Thanks for opening your first issue here!

boring-cyborg[bot] avatar Aug 31 '22 16:08 boring-cyborg[bot]

I had a similar error, I think it was because of an incompatible version of elastic search. I use Open Search, with elastic search 7.10 (the last version of elastic search provided by aws open search service). I'm using amundsen-databuilder = "^6.7.4", but with python elasticsearch client elasticsearch = "7.13.4" It worked for me. In my opinion, you should use the elasticsearch python package, according to your elastic search version

ggirodda avatar Sep 12 '22 17:09 ggirodda

I got it working too with databuilder 6.7.4. This is definetly the databuilder version that works with ECS.

But I had to tweak some library versions as well, the requirements.txt that comes with 6.7.4 will not work by itself. It will either fail to build because of compability issues or it will fail to load data in Elasticsearch because of version mismatch. After some tweaking I got it working. I can share my version of requirements.txt here if someone needs help setting this up.

cdechery avatar Sep 16 '22 12:09 cdechery

Is this issue gonna get some attention anytime soon? Seems to me no one really cares about ECS, since it is really outdated in relation to the rest of the project.
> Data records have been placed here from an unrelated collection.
(* Let $B$ be the open unit ball of $\mathbb{C}^n$ for a norm $\|\cdot\|$ and let $f:\Delta\to\mathbb{C}^n$ be a holomorphic map with $f(\Delta)\subset\overline B$. Then $\|f(0)+\zeta(f(z)-f(0))\|\le 1$ for every $z\in\Delta\setminus\{0\}$ and every $\zeta\in\mathbb{C}$ with $|\zeta|\le\frac{1-|z|}{2|z|}$.
   Context: $\Delta$ is the open unit disc of $\mathbb{C}$. *)

From Stdlib Require Import Reals.
From Stdlib Require Fin.
From Coquelicot Require Export Coquelicot.
Open Scope R_scope.

Definition Cn (n : nat) := Fin.t n -> C.

Definition vadd {n} (x y : Cn n) : Cn n := fun i => Cplus (x i) (y i).
Definition vscal {n} (c : C) (x : Cn n) : Cn n := fun i => Cmult c (x i).
Definition vsub {n} (x y : Cn n) : Cn n := fun i => Cminus (x i) (y i).

Definition is_norm {n} (N : Cn n -> R) : Prop :=
  (forall x, 0 <= N x) /\
  (forall x, N x = 0 -> forall i, x i = 0%C) /\
  (forall (c : C) x, N (vscal c x) = Cmod c * N x) /\
  (forall x y, N (vadd x y) <= N x + N y).

Definition in_disc (z : C) : Prop := Cmod z < 1.

Definition holomorphic_on_disc {n} (f : C -> Cn n) : Prop :=
  forall (i : Fin.t n) (z : C), in_disc z ->
    ex_derive (K := C_AbsRing) (V := C_NormedModule) (fun w => f w i) z.

(* Write w = r e^{iy} with |z| < r < 1.  The kernel
     P(y) = 1 + 2 Re (zeta z / (w - z))
   is real, and nonnegative as soon as |zeta| |z| <= (r - |z|) / 2.  On the circle
   the conjugate of zeta z / (w - z) is again a rational function of w that is
   holomorphic in the closed disc, so Cauchy's integral formula gives
     (1 / 2 pi) int f(w) P(y) dy = f(0) + zeta (f(z) - f(0)),  (1 / 2 pi) int P(y) dy = 1.
   Hence f(0) + zeta (f(z) - f(0)) is an average of points of the closed unit
   ball, and so lies in it; letting r tend to 1 recovers the full range of zeta.
   Cauchy's formula is obtained from Goursat's lemma for the rectangle
   [0, 1] x [0, 2 pi] mapped onto the region between the circles |w - c| = t and
   |w| = r, followed by t -> 0. *)

From Stdlib Require Import Reals Lra Psatz ClassicalEpsilon FunctionalExtensionality.
From Stdlib Require Fin.
From Coquelicot Require Import Coquelicot.
Open Scope R_scope.

(** * Complex numbers and the unit circle *)

Lemma Cmod_Im_le (c : C) : Rabs (Im c) <= Cmod c.
Proof. eapply Rle_trans; [apply Rmax_r | apply Rmax_Cmod]. Qed.

Lemma Cmod_le_Re_plus_Im (c : C) : Cmod c <= Rabs (Re c) + Rabs (Im c).
Proof.
  destruct c as [a b]. unfold Cmod, Re, Im; simpl.
  pose proof (Rabs_pos a); pose proof (Rabs_pos b).
  apply Rsqr_incr_0_var; [|lra]. rewrite Rsqr_sqrt by nra. unfold Rsqr.
  assert (Rabs a * Rabs a = a * a) by (rewrite <- Rabs_mult; apply Rabs_right; nra).
  assert (Rabs b * Rabs b = b * b) by (rewrite <- Rabs_mult; apply Rabs_right; nra).
  nra.
Qed.

Lemma Cmod_sub_ge (a b : C) : Cmod a - Cmod b <= Cmod (a - b).
Proof.
  pose proof (Cmod_triangle (a - b) b). replace (a - b + b)%C with a in H by ring. lra.
Qed.

Lemma Cmod_sub_comm (a b : C) : Cmod (a - b) = Cmod (b - a).
Proof. rewrite <- Cmod_opp. f_equal. ring. Qed.

Lemma Cmod_RtoC_mult (r : R) (c : C) : Cmod (RtoC r * c) = Rabs r * Cmod c.
Proof. rewrite Cmod_mult, Cmod_R. reflexivity. Qed.

Lemma Rabs_sub_le_of_derive_bound (f f' : R -> R) (a b : R) :
  (forall t, derivable_pt_lim f t (f' t)) -> (forall t, Rabs (f' t) <= 1) ->
  Rabs (f b - f a) <= Rabs (b - a).
Proof.
  intros Hf Hf'. destruct (MVT_abs f f' a b) as [t [-> _]]; [intros; apply Hf|].
  pose proof (Hf' t). pose proof (Rabs_pos (b - a)). nra.
Qed.

Definition cis (y : R) : C := (cos y, sin y).

Lemma Cmod_cis (y : R) : Cmod (cis y) = 1.
Proof.
  unfold Cmod, cis; simpl. pose proof (sin2_cos2 y). unfold Rsqr in H.
  replace (_ + _) with 1 by nra. apply sqrt_1.
Qed.

Lemma cis_neq_0 (y : R) : cis y <> 0%C.
Proof. intros E. pose proof (Cmod_cis y). rewrite E, Cmod_0 in H. lra. Qed.

Lemma cis_2PI : cis (2 * PI) = cis 0.
Proof. unfold cis. rewrite cos_2PI, sin_2PI, cos_0, sin_0. reflexivity. Qed.

Lemma Cconj_cis (y : R) : Cconj (cis y) = (/ cis y)%C.
Proof.
  pose proof (cis_neq_0 y).
  transitivity ((Cconj (cis y) * cis y) * / cis y)%C; [field; auto|].
  replace (Cconj (cis y) * cis y)%C with (RtoC 1); [ring|].
  pose proof (sin2_cos2 y). unfold Rsqr in H0.
  unfold cis, Cconj; apply injective_projections; simpl; lra.
Qed.

Lemma Cmod_cis_sub_le (a b : R) : Cmod (cis b - cis a) <= 2 * Rabs (b - a).
Proof.
  eapply Rle_trans; [apply Cmod_le_Re_plus_Im|]. unfold cis, Re, Im; simpl.
  pose proof (Rabs_sub_le_of_derive_bound cos (fun t => - sin t) a b derivable_pt_lim_cos
    (fun t => ltac:(cbv beta; rewrite Rabs_Ropp; apply Rabs_le, SIN_bound))).
  pose proof (Rabs_sub_le_of_derive_bound sin cos a b derivable_pt_lim_sin
    (fun t => ltac:(apply Rabs_le, COS_bound))).
  unfold Rminus in *. lra.
Qed.

(** * Bisection *)

Lemma nested_intervals (a b : nat -> R) :
  (forall k, a k <= a (S k)) -> (forall k, b (S k) <= b k) -> (forall k, a k <= b k) ->
  exists x, forall k, a k <= x <= b k.
Proof.
  intros Ha Hb Hab.
  assert (Ma : forall j k, (j <= k)%nat -> a j <= a k).
  { intros j k H; induction H; [lra | specialize (Ha m); lra]. }
  assert (Mb : forall j k, (j <= k)%nat -> b k <= b j).
  { intros j k H; induction H; [lra | specialize (Hb m); lra]. }
  assert (Hjk : forall j k, a j <= b k).
  { intros j k. destruct (Nat.le_ge_cases j k) as [H | H].
    - specialize (Ma _ _ H); specialize (Hab k); lra.
    - specialize (Mb _ _ H); specialize (Hab j); lra. }
  destruct (completeness (fun x => exists k, x = a k)) as [x [Hub Hlub]].
  - exists (b 0%nat). intros y [k ->]. apply Hjk.
  - exists (a 0%nat); eauto.
  - exists x. intros k; split.
    + apply Hub; eauto.
    + apply Hlub. intros y [j ->]. apply Hjk.
Qed.

Lemma pow2_div_lt (M del : R) : 0 < del -> exists k : nat, M / 2 ^ k < del.
Proof.
  intros Hdel.
  assert (H2 : forall k, INR k + 1 <= 2 ^ k).
  { induction k; [simpl; lra|]. rewrite S_INR. simpl pow. pose proof (pos_INR k). lra. }
  destruct (INR_archimed del M Hdel) as [k Hk].
  exists k. specialize (H2 k). assert (0 < 2 ^ k) by (apply pow_lt; lra).
  apply (Rmult_lt_reg_r (2 ^ k)); auto. unfold Rdiv. rewrite Rmult_assoc, Rinv_l by lra. nra.
Qed.

Record rect := Rect { rx0 : R; rx1 : R; ry0 : R; ry1 : R }.

Definition is_quarter (r r' : rect) : Prop :=
  let mx := (rx0 r + rx1 r) / 2 in let my := (ry0 r + ry1 r) / 2 in
  (rx0 r' = rx0 r /\ rx1 r' = mx \/ rx0 r' = mx /\ rx1 r' = rx1 r) /\
  (ry0 r' = ry0 r /\ ry1 r' = my \/ ry0 r' = my /\ ry1 r' = ry1 r).

Lemma is_quarter_sides (r r' : rect) : is_quarter r r' ->
  rx0 r <= rx1 r -> ry0 r <= ry1 r ->
  rx0 r <= rx0 r' /\ rx1 r' <= rx1 r /\ rx1 r' - rx0 r' = (rx1 r - rx0 r) / 2 /\
  ry0 r <= ry0 r' /\ ry1 r' <= ry1 r /\ ry1 r' - ry0 r' = (ry1 r - ry0 r) / 2.
Proof. intros [[[-> ->] | [-> ->]] [[-> ->] | [-> ->]]]; lra. Qed.

Lemma quarter_iterates (s : nat -> rect) (a0 b0 c0 d0 : R) :
  a0 < b0 -> c0 < d0 -> s 0%nat = Rect a0 b0 c0 d0 -> (forall k, is_quarter (s k) (s (S k))) ->
  forall k,
  (rx1 (s k) - rx0 (s k) = (b0 - a0) / 2 ^ k /\ ry1 (s k) - ry0 (s k) = (d0 - c0) / 2 ^ k) /\
  (a0 <= rx0 (s k) /\ rx1 (s k) <= b0 /\ c0 <= ry0 (s k) /\ ry1 (s k) <= d0) /\
  (rx0 (s k) <= rx0 (s (S k)) /\ rx1 (s (S k)) <= rx1 (s k) /\
   ry0 (s k) <= ry0 (s (S k)) /\ ry1 (s (S k)) <= ry1 (s k)).
Proof.
  intros Hab0 Hcd0 Hs0 Hq.
  assert (Hpow : forall k, 0 < 2 ^ k) by (intros; apply pow_lt; lra).
  assert (Hhalf : forall M k, M / 2 ^ S k = M / 2 ^ k / 2)
    by (intros; simpl pow; field; apply pow_nonzero; lra).
  assert (Hpos : forall M k, 0 < M -> 0 <= M / 2 ^ k)
    by (intros; left; apply Rdiv_lt_0_compat; auto).
  assert (HW : 0 < b0 - a0) by lra. assert (HH : 0 < d0 - c0) by lra.
  induction k as [| k [[Ex Ey] Hin]].
  - pose proof (is_quarter_sides _ _ (Hq 0%nat)) as Q. rewrite Hs0 in Q |- *. simpl in *.
    rewrite !Rdiv_1. destruct Q as (Q1 & Q2 & _ & Q4 & Q5 & _); lra.
  - pose proof (Hpos _ k HW). pose proof (Hpos _ k HH).
    destruct (is_quarter_sides _ _ (Hq k)) as (Q1 & Q2 & Q3 & Q4 & Q5 & Q6); try lra.
    pose proof (Hpos _ (S k) HW). pose proof (Hpos _ (S k) HH).
    rewrite !Hhalf in *.
    destruct (is_quarter_sides _ _ (Hq (S k))) as (R1 & R2 & _ & R4 & R5 & _); lra.
Qed.

(* Goursat's bisection argument in abstract form.  Locality is only required on
   rectangles similar to the initial one: this keeps their area comparable to
   the square of their perimeter. *)
Lemma quadrisection_principle (P : R -> R -> R -> R -> Prop) (a0 b0 c0 d0 : R) :
  a0 < b0 -> c0 < d0 ->
  (forall a b c d, a0 <= a -> a <= b -> b <= b0 -> c0 <= c -> c <= d -> d <= d0 ->
     P a ((a + b) / 2) c ((c + d) / 2) -> P ((a + b) / 2) b c ((c + d) / 2) ->
     P a ((a + b) / 2) ((c + d) / 2) d -> P ((a + b) / 2) b ((c + d) / 2) d ->
     P a b c d) ->
  (forall x y, a0 <= x <= b0 -> c0 <= y <= d0 -> exists del, 0 < del /\
     forall a b c d, a0 <= a -> b <= b0 -> c0 <= c -> d <= d0 ->
       a <= x <= b -> c <= y <= d -> b - a < del -> d - c < del ->
       (b - a) * (d0 - c0) = (d - c) * (b0 - a0) -> P a b c d) ->
  P a0 b0 c0 d0.
Proof.
  intros Hab0 Hcd0 Hclosed Hlocal.
  set (Pr := fun r => P (rx0 r) (rx1 r) (ry0 r) (ry1 r)).
  set (inside := fun r => a0 <= rx0 r /\ rx0 r <= rx1 r /\ rx1 r <= b0 /\
                          c0 <= ry0 r /\ ry0 r <= ry1 r /\ ry1 r <= d0).
  assert (Hstep : forall r, exists r', is_quarter r r' /\ (inside r -> ~ Pr r -> ~ Pr r')).
  { intros [a b c d]. set (m := (a + b) / 2); set (m' := (c + d) / 2).
    destruct (classic (P a m c m')) as [H1 | H1]; [| exists (Rect a m c m'); cbv; tauto].
    destruct (classic (P m b c m')) as [H2 | H2]; [| exists (Rect m b c m'); cbv; tauto].
    destruct (classic (P a m m' d)) as [H3 | H3]; [| exists (Rect a m m' d); cbv; tauto].
    exists (Rect m b m' d). split; [cbv; tauto|].
    intros Hin HnP H4. apply HnP, Hclosed; unfold inside in Hin; simpl in *; tauto. }
  set (next := fun r => proj1_sig (constructive_indefinite_description _ (Hstep r))).
  assert (Hnext : forall r, is_quarter r (next r) /\ (inside r -> ~ Pr r -> ~ Pr (next r)))
    by (intros r; exact (proj2_sig (constructive_indefinite_description _ (Hstep r)))).
  destruct (classic (P a0 b0 c0 d0)) as [| HnP0]; [assumption | exfalso].
  set (s := fun k => Nat.iter k next (Rect a0 b0 c0 d0)).
  pose proof (quarter_iterates s a0 b0 c0 d0 Hab0 Hcd0 eq_refl (fun k => proj1 (Hnext (s k)))) as Hs.
  assert (Hw : forall k, rx0 (s k) <= rx1 (s k) /\ ry0 (s k) <= ry1 (s k)).
  { intros k. destruct (Hs k) as [[Ex Ey] _].
    assert (0 <= (b0 - a0) / 2 ^ k /\ 0 <= (d0 - c0) / 2 ^ k) as [].
    { split; left; apply Rdiv_lt_0_compat; try lra; apply pow_lt; lra. }
    lra. }
  assert (HnP : forall k, ~ Pr (s k)).
  { induction k as [| k IH]; [exact HnP0|]. apply (Hnext (s k)); [| exact IH].
    destruct (Hs k) as [_ [Hin _]]. pose proof (Hw k). unfold inside. repeat split; lra. }
  destruct (nested_intervals (fun k => rx0 (s k)) (fun k => rx1 (s k))) as [x Hx];
    try (intros k; first [apply (Hw k) | destruct (Hs k) as (_ & _ & ?); lra]).
  destruct (nested_intervals (fun k => ry0 (s k)) (fun k => ry1 (s k))) as [y Hy];
    try (intros k; first [apply (Hw k) | destruct (Hs k) as (_ & _ & ?); lra]).
  destruct (Hlocal x y) as [del [Hdel Hloc]].
  { specialize (Hx 0%nat); simpl in Hx; lra. }
  { specialize (Hy 0%nat); simpl in Hy; lra. }
  destruct (pow2_div_lt (Rmax (b0 - a0) (d0 - c0)) del Hdel) as [k Hk].
  destruct (Hs k) as [[Ex Ey] [(H1 & H2 & H3 & H4) _]].
  assert (Hdiv : forall M, M <= Rmax (b0 - a0) (d0 - c0) -> M / 2 ^ k < del).
  { intros M HM. eapply Rle_lt_trans; [| exact Hk].
    apply Rmult_le_compat_r; [left; apply Rinv_0_lt_compat, pow_lt; lra | exact HM]. }
  apply (HnP k), Hloc; try apply Hx; try apply Hy; try assumption.
  - rewrite Ex. apply Hdiv, Rmax_l.
  - rewrite Ey. apply Hdiv, Rmax_r.
  - rewrite Ex, Ey. field. apply pow_nonzero; lra.
Qed.

Lemma interval_bisection (Q : R -> R -> Prop) (a0 b0 : R) : a0 < b0 ->
  (forall a b, a0 <= a -> a <= b -> b <= b0 -> Q a ((a + b) / 2) -> Q ((a + b) / 2) b -> Q a b) ->
  (forall x, a0 <= x <= b0 -> exists del, 0 < del /\
     forall a b, a0 <= a -> b <= b0 -> a <= x <= b -> b - a < del -> Q a b) ->
  Q a0 b0.
Proof.
  intros Hab0 Hclosed Hlocal.
  apply (quadrisection_principle (fun a b _ _ => Q a b) a0 b0 0 1 Hab0 Rlt_0_1).
  - intros a b c d Ha Hab Hb _ _ _ H1 H2 _ _. auto.
  - intros x y Hx _. destruct (Hlocal x Hx) as [del [Hdel H]].
    exists del. split; [exact Hdel|]. intros a b c d Ha Hb _ _ Hxab _ Hba _ _. auto.
Qed.

(** * Complex differentiability *)

Notation C_ex_derive := (ex_derive (K := C_AbsRing) (V := C_NormedModule)).

(* Coquelicot's generic product and chain rules are stated for [K] viewed as a
   normed module over itself, a structure on [C] that Rocq does not identify with
   [C_NormedModule]. *)
Lemma is_derive_C_NormedModule (g : C -> C) (p D : C) :
  is_derive (K := C_AbsRing) (V := AbsRing_NormedModule C_AbsRing) g p D <->
  is_derive (K := C_AbsRing) (V := C_NormedModule) g p D.
Proof.
  split; intros [_ Hd]; split;
    [apply is_linear_scal_l | exact Hd | apply is_linear_scal_l | exact Hd].
Qed.

Lemma C_ex_derive_const (k p : C) : C_ex_derive (fun _ => k) p.
Proof. apply ex_derive_const. Qed.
I have created a CloudFormation template that deploys Amundsen automatically in a highly-available environment. I could contribute this to the project if it is of interest of the community.

cdechery avatar Sep 22 '22 11:09 cdechery

Is this issue gonna get some attention anytime soon? Seems to me no one really cares about ECS, since it is really outdated in relation to the rest of the project. I have created a CloudFormation template that deploys Amundsen automatically in a highly-available environment. I could contribute this to the project if it is of interest of the community.

Hello Christian, would you mind sharing the frontend/metadata/search/neo4j versions you are running? I'm looking for a fresh deploy but the version mismatches does seem a little confusing to me. Thank you in advance.

caiopavanelli avatar Sep 23 '22 19:09 caiopavanelli

Hi

Is this issue gonna get some attention anytime soon? Seems to me no one really cares about ECS, since it is really outdated in relation to the rest of the project. I have created a CloudFormation template that deploys Amundsen automatically in a highly-available environment. I could contribute this to the project if it is of interest of the community.

Hello Christian, would you mind sharing the frontend/metadata/search/neo4j versions you are running? I'm looking for a fresh deploy but the version mismatches does seem a little confusing to me. Thank you in advance.

Hi @caiopavanelli , in order for me to get Amundsen to work with ECS I used this file for reference, it has all the versions of Amundsen's containers. https://github.com/amundsen-io/amundsen/blob/main/docs/installation-aws-ecs/docker-ecs-amundsen.yml But as you can see, they are really outdated. So when you try to get databuilder working on it, for example, you run into a nightmare of versions mismatch, the containers, Amundsen's release, python libraries, etc.

cdechery avatar Sep 29 '22 13:09 cdechery

This issue has been automatically marked as stale because it has not had recent activity. It will be closed if no further activity occurs.

stale[bot] avatar Oct 14 '22 04:10 stale[bot]

@cdechery - would you be able to share your updated requirements , facing similar issue at my end to get it working with data builder.

saranathak avatar Oct 19 '22 01:10 saranathak

This issue has been automatically marked as stale because it has not had recent activity. It will be closed if no further activity occurs.

stale[bot] avatar Nov 02 '22 05:11 stale[bot]

This issue has been automatically closed for inactivity. If you still wish to make these changes, please open a new pull request or reopen this one.

stale[bot] avatar Nov 27 '22 05:11 stale[bot]

@cdechery would you be able to share your updated requirements , facing similar issue at my end to get it working with data builder.

annamalaikasi avatar Apr 04 '23 22:04 annamalaikasi